-- DIRECTIONS --
Your answer should consist only of the lines below from the one with "Definition enorm (v" through the one with "Definition Favg (F", copied exactly.

Stored data entries:
(* Let $F_1,\dots,F_n:\mathbb{R}^d\to\mathbb{R}^d$ with each $F_i$ $L_i$-Lipschitz, $F=\frac1n\sum_iF_i$, $L_{max}=\max_iL_i$. If the extrapolation step size of SEG-RR satisfies $\gamma_2\le\frac1{L_{max}}$, then for every epoch $k$, $$\mathbb{E}_k\Big[\sum_{i=0}^{n-1}\|F_{\pi_i^k}(\bar z_i^k)-F_{\pi_i^k}(\hat z_0^k)\|^2\Big]\le6L_{max}^2\,\mathbb{E}_k\Big[\sum_{i=0}^{n-1}\|z_i^k-z_0^k\|^2\Big]+3L_{max}^2\gamma_2^2\,\mathbb{E}_k\Big[\sum_{i=0}^{n-1}\|F_{\pi_i^k}(z_0^k)-F(z_0^k)\|^2\Big],$$ where $\hat z_0^k=z_0^k-\gamma_2F(z_0^k)$.
   Context: SEG-RR with step sizes $\gamma_1,\gamma_2>0$: for each epoch $k$, with current point $z_0^k$, draw a permutation $\pi^k=(\pi^k_0,\dots,\pi^k_{n-1})$ of $\{1,\dots,n\}$ uniformly at random, independently of the past; for $i=0,\dots,n-1$ set $\bar z_i^k=z_i^k-\gamma_2F_{\pi_i^k}(z_i^k)$, $z_{i+1}^k=z_i^k-\gamma_1F_{\pi_i^k}(\bar z_i^k)$; then $z_0^{k+1}=z_n^k$. $\mathbb{E}_k$ denotes expectation over $\pi^k$ conditional on the history up to $z_0^k$. *)

From HB Require Import structures.
From mathcomp Require Import all_boot all_order all_algebra all_fingroup.
From mathcomp Require Import reals.
Set Implicit Arguments. Unset Strict Implicit. Unset Printing Implicit Defensive.
Import Order.TTheory GRing.Theory Num.Theory.
Local Open Scope ring_scope.

Section SEGRR.
Variables (R : realType) (d n : nat).
Notation V := 'rV[R]_d.

Definition sqnorm (v : V) : R := \sum_(j < d) (v 0 j) ^+ 2.
Definition enorm (v : V) : R := Num.sqrt (sqnorm v).

Definition lipschitz (G : V -> V) (L : R) : Prop :=
  forall x y, enorm (G x - G y) <= L * enorm (x - y).

Definition Favg (F : 'I_n -> V -> V) (z : V) : V := n%:R^-1 *: \sum_(i < n) F i z.

Definition Lmax (L : 'I_n -> R) : R := \big[Num.max/0]_(i < n) L i.

(* SEG-RR epoch with permutation s, starting at z0:
   seg_iterates = [:: z_1; ...; z_n], z_i = nth z0 (z0 :: seg_iterates) i *)
Definition seg_iterates (F : 'I_n -> V -> V) (g1 g2 : R) (s : {perm 'I_n}) (z0 : V)
  : seq V :=
  scanl (fun z j => z - g1 *: F j (z - g2 *: F j z)) z0 [seq s i | i <- enum 'I_n].

Definition seg_z (F : 'I_n -> V -> V) (g1 g2 : R) (s : {perm 'I_n}) (z0 : V)
  (i : nat) : V := nth z0 (z0 :: seg_iterates F g1 g2 s z0) i.

Definition seg_zbar (F : 'I_n -> V -> V) (g1 g2 : R) (s : {perm 'I_n}) (z0 : V)
  (i : 'I_n) : V :=
  seg_z F g1 g2 s z0 i - g2 *: F (s i) (seg_z F g1 g2 s z0 i).

(* expectation over a uniformly random permutation of {0,...,n-1}
   (conditional on the history up to z_0^k, which is fixed) *)
Definition Eperm (X : {perm 'I_n} -> R) : R :=
  (\sum_(s : {perm 'I_n}) X s) / #|{: {perm 'I_n}}|%:R.

End SEGRR.

(* The estimate holds for every permutation and every index separately, so taking
   expectations only uses that [Eperm] is linear and monotone. Pointwise, the two
   points at which [F_(pi_i)] is evaluated differ by
   [(z_i - z_0) - g2 (F_(pi_i) z_i - F_(pi_i) z_0) - g2 (F_(pi_i) z_0 - F z_0)];
   Lipschitz continuity and [|a + b + c|^2 <= 3 (|a|^2 + |b|^2 + |c|^2)] reduce the
   claim to bounding the middle term, which [g2 L <= 1] controls by [|z_i - z_0|^2]. *)
From HB Require Import structures.
From mathcomp Require Import all_boot all_order all_algebra all_fingroup.
From mathcomp Require Import reals.
From mathcomp Require Import ring lra.
Set Implicit Arguments. Unset Strict Implicit. Unset Printing Implicit Defensive.
Import Order.TTheory GRing.Theory Num.Theory.
Local Open Scope ring_scope.

Section SquaredNorm.
Variables (R : realType) (d : nat).
Implicit Types (u v w : 'rV[R]_d) (G : 'rV[R]_d -> 'rV[R]_d).

Lemma sqnorm_ge0 v : 0 <= sqnorm v.
Proof. by apply: sumr_ge0 => j _; rewrite sqr_ge0. Qed.

Lemma sqnormZ (k : R) v : sqnorm (k *: v) = k ^+ 2 * sqnorm v.
Proof. by rewrite /sqnorm mulr_sumr; apply: eq_bigr => j _; rewrite mxE exprMn. Qed.

Lemma sqnormD3_le u v w :
  sqnorm (u + v + w) <= 3 * (sqnorm u + sqnorm v + sqnorm w).
Proof.
rewrite /sqnorm -!big_split /= mulr_sumr; apply: ler_sum => j _.
rewrite !mxE; set x := u 0 j; set y := v 0 j; set z := w 0 j.
have := sqr_ge0 (x - y); have := sqr_ge0 (y - z); have := sqr_ge0 (x - z).
rewrite !expr2; nra.
Qed.

Lemma lipschitz_sqnorm {G} {L : R} u v :
  0 <= L -> lipschitz G L -> sqnorm (G u - G v) <= L ^+ 2 * sqnorm (u - v).
Proof.
move=> L0 /(_ u v); rewrite /enorm => lipGuv.
rewrite -(sqr_sqrtr (sqnorm_ge0 (G u - G v))) -(sqr_sqrtr (sqnorm_ge0 (u - v))).
rewrite -exprMn lerXn2r ?nnegrE ?sqrtr_ge0 ?mulr_ge0 ?sqrtr_ge0 //.
Qed.

Lemma extrapolation_sqnorm_le G (L M g : R) u v w :
    0 <= L -> L <= M -> 0 <= g -> g * L <= 1 -> lipschitz G L ->
  sqnorm (G (u - g *: G u) - G (v - g *: w)) <=
  6 * M ^+ 2 * sqnorm (u - v) + 3 * M ^+ 2 * g ^+ 2 * sqnorm (G v - w).
Proof.
move=> L0 LM g0 gL1 lipG.
set A := sqnorm (u - v); set B := sqnorm (G u - G v); set C := sqnorm (G v - w).
have A0 : 0 <= A := sqnorm_ge0 _.
have B0 : 0 <= B := sqnorm_ge0 _.
have C0 : 0 <= C := sqnorm_ge0 _.
have decomp : u - g *: G u - (v - g *: w) =
    (u - v) + (- g) *: (G u - G v) + (- g) *: (G v - w).
  apply/rowP => j; rewrite !mxE; ring.
have gB_le_A : g ^+ 2 * B <= A.
  have gL2 : (g * L) ^+ 2 <= 1 by rewrite expr_le1 // mulr_ge0.
  apply: le_trans (ler_wpM2l (sqr_ge0 g) (lipschitz_sqnorm u v L0 lipG)) _.
  by rewrite mulrA -exprMn ler_piMl.
have LM2 : L ^+ 2 <= M ^+ 2 by rewrite lerXn2r // nnegrE (le_trans L0).
apply: le_trans (lipschitz_sqnorm _ _ L0 lipG) _.
rewrite decomp; apply: le_trans (ler_wpM2l (sqr_ge0 L) (sqnormD3_le _ _ _)) _.
rewrite !sqnormZ !sqrrN -/A -/B -/C.
have g2C0 : 0 <= g ^+ 2 * C by rewrite mulr_ge0 ?sqr_ge0.
have L20 : 0 <= L ^+ 2 by rewrite sqr_ge0.
nra.
Qed.

End SquaredNorm.

Section UniformPermutation.
Variables (R : realType) (n : nat).
Implicit Types X Y : {perm 'I_n} -> R.

Lemma EpermD X Y : Eperm (fun s => X s + Y s) = Eperm X + Eperm Y.
Proof. by rewrite /Eperm big_split mulrDl. Qed.

Lemma EpermZ (k : R) X : Eperm (fun s => k * X s) = k * Eperm X.
Proof. by rewrite /Eperm -mulr_sumr mulrA. Qed.

Lemma ler_Eperm X Y : (forall s, X s <= Y s) -> Eperm X <= Eperm Y.
Proof.
move=> XY; rewrite /Eperm ler_wpM2r ?invr_ge0 ?ler0n //.
by apply: ler_sum => s _; apply: XY.
Qed.

End UniformPermutation.

Lemma le_Lmax (R : realType) (n : nat) (L : 'I_n -> R) i : L i <= Lmax L.
Proof. exact: le_bigmax. Qed.

Theorem lemma3 (R : realType) (d n : nat)
  (F : 'I_n -> 'rV[R]_d -> 'rV[R]_d) (L : 'I_n -> R)
  (hL0 : forall i, 0 <= L i) (hLip : forall i, lipschitz (F i) (L i))
  (g1 g2 : R) (hg1 : 0 < g1) (hg2 : 0 < g2)
  (hg2L : g2 * Lmax L <= 1)
  (z0 : 'rV[R]_d) :
  let Lm := Lmax L in
  let zhat := z0 - g2 *: Favg F z0 in
  Eperm (fun s => \sum_(i < n)
           sqnorm (F (s i) (seg_zbar F g1 g2 s z0 i) - F (s i) zhat))
  <= 6 * Lm ^+ 2 * Eperm (fun s => \sum_(i < n) sqnorm (seg_z F g1 g2 s z0 i - z0))
   + 3 * Lm ^+ 2 * g2 ^+ 2 *
       Eperm (fun s => \sum_(i < n) sqnorm (F (s i) z0 - Favg F z0)).
Proof.
rewrite /= -!EpermZ -EpermD; apply: ler_Eperm => s.
rewrite !mulr_sumr -big_split /=; apply: ler_sum => i _.
have g2L : g2 * L (s i) <= 1.
  exact: le_trans (ler_wpM2l (ltW hg2) (le_Lmax _ _)) hg2L.
exact: extrapolation_sqnorm_le (hL0 _) (le_Lmax _ _) (ltW hg2) g2L (hLip _).
Qed.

-- RESPONSE TO THIS TASK --
Definition enorm (v : V) : R := Num.sqrt (sqnorm v).

Definition lipschitz (G : V -> V) (L : R) : Prop :=
  forall x y, enorm (G x - G y) <= L * enorm (x - y).

Definition Favg (F : 'I_n -> V -> V) (z : V) : V := n%:R^-1 *: \sum_(i < n) F i z.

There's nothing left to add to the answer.